Das kulturelle Gedächtnis definiert Jan Assmann als „Sammelbegriff für alles Wissen, das im spezifischen Interaktionsrahmen einer Gesellschaft Handeln und Erleben steuert und von Generation zu Generation zur wiederholten Einübung und Einweisung ansteht.” Das kulturelle Gedächtnis existiert zum einen in der Potenzialität der Archive, Bilder, Texte und zum anderen als Aktualität, in der Verwendung von gespeicherten Inhalten je nach Gegenwartsinteressen.

Das kommunikative Gedächtnis dagegen kennt keine Fixpunkte, sondern entsteht in der interaktiven Praxis der Vergegenwärtigung von Vergangenem durch Individuen und Gruppen. Eine Fixierung der Inhalte dieses Gedächtnisses ist nur durch kulturelle Formung zu erreichen.

Mittlerweile hat das Phänomen des kulturellen Gedächtnisses die Produktion einer breiten Literatur ausgelöst.
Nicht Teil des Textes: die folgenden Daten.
(* (a) At an equilibrium point $D$, $\min_{S\in\mathcal C}C_S=C_{\{s_0\}}=1$. (b) A vector $D\in\mathbb R^E_{\ge0}$ is an equilibrium point if and only if $D=|Q|$ for some $s_0$-$s_1$ flow $Q$ of value $1$ with the following property: orienting every edge in the direction of $Q$ and deleting the edges with $Q_e=0$, all directed $s_0$-$s_1$ paths in the resulting directed graph have the same length. In particular, if no two distinct $s_0$-$s_1$ paths in $G$ have the same length, the equilibria are precisely the vectors that equal $1$ on the edges of a simple $s_0$-$s_1$ path and $0$ elsewhere.
   Context: Let $G=(N,E)$ be a finite connected undirected graph with two distinct vertices $s_0$ (source) and $s_1$ (sink). Each edge $e$ has a fixed length $L_e>0$ and a diameter $D_e\ge 0$; edges with $D_e=0$ are treated as absent (conductance $D_e/L_e=0$). Given $D$, the potentials $p_v$ solve $\sum_{u\in\delta(v)}(p_v-p_u)D_{uv}/L_{uv}=b_v$ with $b_{s_0}=1$, $b_{s_1}=-1$, $b_v=0$ otherwise ($\delta(v)$ the neighbours of $v$), and $Q_e=D_e(p_u-p_v)/L_e$ for $e=\{u,v\}$ with a fixed orientation $(u,v)$ (the electrical $s_0$-$s_1$ flow of value 1). $D$ is an equilibrium point of the dynamics $\dot D_e=|Q_e|-D_e$ if $D_e=|Q_e|$ for all $e$. For $S\subseteq N$, $\delta(S)$ is the set of edges with exactly one endpoint in $S$; $\mathcal C$ is the set of $S\subseteq N$ with $s_0\in S$, $s_1\notin S$; $C_S=\sum_{e\in\delta(S)}D_e$. The length of a path is the sum of $L_e$ over its edges.
   Formalization: In (b), the flow Q of value 1 is also acyclic, so orienting every edge in the direction of Q and deleting the edges with $Q_e=0$ leaves a directed graph without directed cycles. The statement above fails without it. *)

From HB Require Import structures.
From mathcomp Require Import all_boot all_order all_algebra.
Set Implicit Arguments. Unset Strict Implicit. Unset Printing Implicit Defensive.
Import Order.TTheory GRing.Theory Num.Theory.
Local Open Scope ring_scope.

Section Physarum.
Variables (R : realFieldType) (N E : finType) (src tgt : E -> N).
Variables (L : E -> R) (s0 s1 : N).

Definition links (e : E) (x y : N) : bool :=
  ((src e == x) && (tgt e == y)) || ((src e == y) && (tgt e == x)).
(* Let $A$ be a subalgebra of the matrix metabelian Lie algebra $M^0_{I,\Lambda}$. Then $\mathrm{Fit}(A)$ (which is abelian) is a torsion-free module over the polynomial ring $k[x_d:d\in D]$, where the module structure is defined via a family $\{e_d:d\in D\}\subseteq A$ whose images form a basis of $A/\mathrm{Fit}(A)$ by $b\cdot x_d=b\circ e_d$.
   Context: For sets $I,\Lambda$ and a field $k$, let $R=k[x_\alpha:\alpha\in\Lambda]$ and $T$ the free $R$-module with basis $\{u_i:i\in I\}$. $M_{I,\Lambda}$ is the set of pairs $(f,u)$, $f\in R$, $u\in T$, with componentwise linear operations and product $(f,u)\circ(g,v)=(0,ug-vf)$; $M^0_{I,\Lambda}$ is its subalgebra of pairs $(f,u)$ with $f$ a $k$-linear combination of the variables $x_\alpha$ (possibly $0$). $\mathrm{Fit}(A)$ is the ideal of $A$ generated by all elements lying in nilpotent ideals of $A$. For an abelian ideal $J\supseteq A^2$ of a metabelian Lie algebra, the module action $b\cdot x_d=b\circ e_d$ extends multiplicatively and linearly to a well-defined module structure over the commutative polynomial ring. *)

From HB Require Import structures.
From mathcomp Require Import all_boot all_order all_algebra.
From mathcomp Require Import finmap.
From mathcomp.multinomials Require Import monalg.

Set Implicit Arguments.
Unset Strict Implicit.
Unset Printing Implicit Defensive.

Import GRing.Theory.
Local Open Scope ring_scope.

Definition Rpoly (k : fieldType) (L : choiceType) := {malg k[{cmonom L}]}.

(* T = free R-module with basis {u_i : i in I} (finitely supported I -> R) *)
Definition Tmod (k : fieldType) (L I : choiceType) := {malg (Rpoly k L)[I]}.

Section Matrix.
Variables (k : fieldType) (L I : choiceType).
Local Notation R := (Rpoly k L).
Local Notation T := (Tmod k L I).

Definition Mel := (R * T)%type.

Definition Mzero : Mel := (0, 0).
Definition Madd (a b : Mel) : Mel := (a.1 + b.1, a.2 + b.2).
Definition Mopp (a : Mel) : Mel := (- a.1, - a.2).
Definition Mscale (c : k) (a : Mel) : Mel := (c *: a.1, (c%:A : R) *: a.2).
Definition Mbr (a b : Mel) : Mel := (0, b.1 *: a.2 - a.1 *: b.2).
So sind fast enzyklopädische Werke entstanden, die Erinnerungsorte im metaphorischen Sinne identifizieren und nationalspezifisch zu beschreiben vermochten (vgl. Pierre Noras Les lieux de mémoire, Etienne François' Deutsche Erinnerungsorte). Es hat sich aber auch eine Theoriebildung entwickelt, die die Wirkung eines einheitlichen Selbstbildes hinterfragt. Hier wird betont, dass sich das kulturelle Gedächtnis durch diskontinuierliche und brüchige Formen konstituiert und von Rissen sowie krisenhaft empfundenen Emergenzen durchkreuzt ist (Vittoria Borsò).

Darüber hinaus wird besonders das Verhältnis von Medium und Form untersucht, da es erst das Wissen über die Vergangenheit produziert. Das Gedächtnis braucht nicht nur Speichermedien, sondern Formen, die die Aufbewahrungs- und Stiftungsfunktion erfüllen. Parallel dazu hat sich aus zeithistorischer und politikwissenschaftlicher Perspektive eine Analyse des Gedächtnisses entwickelt, die auf die intentionalen Steuerungsversuche kultureller Erinnerung aufmerksam macht. Die Forschung zum Verhältnis zwischen Geschichte und Gedächtnis geht primär von der Geschichte des Holocaust und den Aporien seiner Historisierung aus.

Thematischer Ausgangspunkt des Workshops sind die radikalen Veränderungen Zentraleuropas nach dem Systemwechsel von 1989. Der Zusammenbruch des europäischen Sozialismus hat nicht nur eine neue Zukunft, sondern auch eine neue Vergangenheit eröffnet (vgl. Holm Sundhaussen). Der Umgang mit der Vergangenheit in ehemaligen sozialistischen Ländern musste sich aufgrund einer neuen Zukunftsvision entsprechend verändern. Die Nationalismen, die nach dem Kalten Krieg entstanden sind, sind vom Verhältnis von Globalisierung, Nationalidentität, Geschichte und Gedächtnis dominiert. Die Aufhebung eines autoritären Vergangenheitsbildes aus sozialistischen Zeiten hat zum einen zur Pluralisierung der Geschichtsbilder geführt, zum anderen aber zu einer verstärkten Suche nach der Stunde Null der Nationalgeschichte. Innerhalb der Region Zentraleuropa zeichnet sich dazu eine neue Erinnerungskonfliktlinie ab, die zwischen Gesellschaften, für die der Holocaust den negativen Gründungsmythos der Nachkriegszeit darstellt, und jenen, die vor allem die Erinnerung an kommunistische Repression pflegen, verläuft.

Workshopstruktur
Den Auftakt der Veranstaltung bildet eine öffentliche Podiumsdiskussion im Haus Wittgenstein in Zusammenarbeit mit dem Bulgarischen Forschungsinstitut in Österreich.
DiskutantInnen sind neben zwei Mitgliedern der Faculty des IK (Doz. Dr. Heidemarie Uhl, Doz. Dr. Wolfgang Müller-Funk) Prof. Dr. Holm Sundhaussen und Prof. Dr. Vittoria Borsò, zwei international renommierte ExpertInnen auf dem Gebiet der geschichts- und literaturwissenschaftlichen Gedächtnisforschung.
Beide ExpertInnen werden auch den am Folgetag stattfindenden Workshop leiten. Bei diesem werden zunächst in zwei eineinhalbstündigen Blöcken Fragen zu thematisch relevanten Texten, die in einem Reader zur Verfügung gestellt werden, diskutiert, um dann im zweiten Teil Lösungsansätze für die sich daraus ergebenden Probleme – auch in Hinblick auf die Dissertationsvorhaben der TeilnehmerInnen – zu entwickeln.